*** Opening Supplied records ***

Section TypeClasses.
Variables (H : graph) (N : nat).

Definition perm_tuple (p : 'S_N) (u : N.-tuple H) : N.-tuple H :=
  [tuple tnth u (p i) | i < N].

Lemma perm_tupleK p : cancel (perm_tuple p) (perm_tuple (p^-1)%g).
Proof. by move=> u; apply: eq_from_tnth => i; rewrite !tnth_mktuple permKV. Qed.

Lemma perm_tupleKV p : cancel (perm_tuple (p^-1)%g) (perm_tuple p).
Proof. by move=> u; apply: eq_from_tnth => i; rewrite !tnth_mktuple permK. Qed.

Lemma perm_tuple_aut p : is_aut (perm_tuple p : spow H N -> spow H N).
Proof.
split.
  by exists (perm_tuple (p^-1)%g); [apply: perm_tupleK | apply: perm_tupleKV].
move=> u w; rewrite /= /spow_adj (can_eq (perm_tupleK p)); congr andb.
apply/forallP/forallP => adj_uw i; last by rewrite !tnth_mktuple.
by have := adj_uw ((p^-1)%g i); rewrite !tnth_mktuple permKV.
Qed.

Definition ttype (u : N.-tuple H) : {ffun H -> 'I_N.+1} :=
  [ffun v => inord (count_mem v u)].

Lemma ttypeE u v : ttype u v = count_mem v u :> nat.
Proof. by rewrite ffunE inordK // ltnS -[X in (_ <= X)%N](size_tuple u) count_size. Qed.

Lemma eq_ttype u w : (ttype u == ttype w) = perm_eq u w.
Proof.
apply/eqP/idP => [eq_uw | /seq.permP eq_uw].
  by apply/allP => v _; rewrite /= -!ttypeE eq_uw.
by apply/ffunP => v; apply: val_inj; rewrite /= !ttypeE.
Qed.

Definition type_class (t : {ffun H -> 'I_N.+1}) : graph :=
  induced (fun u : spow H N => ttype u == t).

Lemma type_class_vertex_transitive t : vertex_transitive (type_class t).
Proof.
apply: induced_vertex_transitive => u w /eqP tu /eqP tw.
have /tuple_permP[p /val_inj ->] : perm_eq w u by rewrite -eq_ttype tu tw.
exists (perm_tuple p); first exact: perm_tuple_aut.
split=> // z; congr (_ == t); apply/eqP; rewrite eq_ttype.
by apply/tuple_permP; exists p.
Qed.

End TypeClasses.

Section TypeDecomposition.
Variables (H : graph) (N : nat).

Local Notation tuple_type := {ffun H -> 'I_N.+1}.

(* The final [E_graph 1] is a junk target that makes [to_type_classes]
   total on tuples whose type is not listed. *)
Fixpoint type_classes (l : seq tuple_type) : graph :=
  if l is t :: l' then dunion (type_class t) (type_classes l') else E_graph 1.

Fixpoint to_type_classes (l : seq tuple_type) (u : spow H N) : type_classes l :=
  match l return type_classes l with
  | [::] => ord0
  | t :: l' => if insub u is Some x then inl x else inr (to_type_classes l' u)
  end.

Lemma to_type_classes_cohom (l : seq tuple_type) (u w : spow H N) :
  ttype u \in l -> ttype w \in l ->
  u != w -> ~~ gadj u w ->
  let phi := to_type_classes l in (phi u != phi w) && ~~ gadj (phi u) (phi w).
Proof.
elim: l => [//|t l IH] /=; rewrite !inE => u_l w_l neq_uw nadj_uw.
case: insubP => [x _ xu|u_t]; case: insubP => [y _ yw|w_t] //=.
  rewrite /induced_adj xu yw nadj_uw andbT.
  by apply: contra neq_uw => /eqP[xy]; rewrite -xu -yw xy.
apply: IH => //.
  by case/orP: u_l => // /eqP ut; rewrite ut eqxx in u_t.
by case/orP: w_l => // /eqP wt; rewrite wt eqxx in w_t.
Qed.

Lemma spow_coh_le_type_classes : coh_le (spow H N) (type_classes (enum {: tuple_type})).
Proof.
exists (to_type_classes (enum {: tuple_type})) => u w.
by apply: to_type_classes_cohom; rewrite mem_enum.
Qed.

Lemma Delta_type_classes (R : realType) (f : graph -> R) l : in_Delta f ->
  f (type_classes l) = \sum_(t <- l) f (type_class t) + 1.
Proof.
move=> f_Delta; elim: l => [|t l IH] /=; first by rewrite big_nil Delta_E // add0r.
by rewrite big_cons Delta_dunion // IH addrA.
Qed.

End TypeDecomposition.

Section Agreement.
Variables (R : realType) (f0 f1 : graph -> R).
Hypotheses (f0_Delta : in_Delta f0) (f1_Delta : in_Delta f1).
Hypothesis agree_vt : forall G, vertex_transitive G -> f0 G = f1 G.

Lemma spow_Delta_bound H N : f0 H ^+ N <= (N.+1 ^ #|H|)%:R * f1 H ^+ N + 1.
Proof.
rewrite -(Delta_spow _ f0_Delta) -(Delta_spow _ f1_Delta).
apply: le_trans (Delta_mono f0_Delta (spow_coh_le_type_classes H N)) _.
rewrite !Delta_type_classes // lerD2r big_enum /=.
apply: le_trans (_ : _ <= \sum_(t in {ffun H -> 'I_N.+1}) f1 (spow H N)) _.
  apply: ler_sum => t _; rewrite agree_vt; last exact: type_class_vertex_transitive.
  exact/(Delta_mono f1_Delta)/induced_coh_le.
by rewrite (sumr_const (mem {ffun H -> 'I_N.+1})) card_ffun !card_ord mulr_natl.
Qed.

Lemma Delta_le_of_agree H : 1 <= f1 H -> f0 H <= f1 H.
Proof.
move=> f1H_ge1.
apply: (le_of_expr_le_poly (c := 2) (k := #|H|)); rewrite ?Delta_ge0 // => N.
have := spow_Delta_bound H N; rewrite natrX.
have : 1 <= N.+1%:R ^+ #|H| * f1 H ^+ N.
  by rewrite mulr_ege1 ?exprn_ege1 ?ler1n.
lra.
Qed.

End Agreement.

Theorem lemma10 (R : realType) (f0 f1 : graph -> R) :
  in_Delta f0 -> in_Delta f1 -> f0 <> f1 ->
  exists G : graph, vertex_transitive G /\ f0 G <> f1 G.
Proof.
move=> f0_Delta f1_Delta neq_f; apply: NNPP => no_witness.
have agree_vt G : vertex_transitive G -> f0 G = f1 G.
  by move=> vt_G; apply: NNPP => neq_G; apply: no_witness; exists G.
apply/neq_f/functional_extensionality => H.
pose H1 := dunion H (E_graph 1).
have ge1 f : in_Delta f -> 1 <= f H1.
  by move=> f_Delta; rewrite Delta_dunion // Delta_E // lerDr Delta_ge0.
have : f0 H1 = f1 H1.
  apply/le_anti/andP; split; apply: Delta_le_of_agree; rewrite ?ge1 //.
  by move=> G vt_G; rewrite agree_vt.
by rewrite !Delta_dunion // !Delta_E // => /addIr.
Qed.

*** Closing Supplied records ***

(Work required): Word for word, copy the line containing "have : f0 H1 = f1 H1." and each line after it to the end of the records, and nothing besides.

(Exercise response):
have : f0 H1 = f1 H1.
  apply/le_anti/andP; split; apply: Delta_le_of_agree; rewrite ?ge1 //.
  by move=> G vt_G; rewrite agree_vt.
by rewrite !Delta_dunion // !Delta_E // => /addIr.
Qed.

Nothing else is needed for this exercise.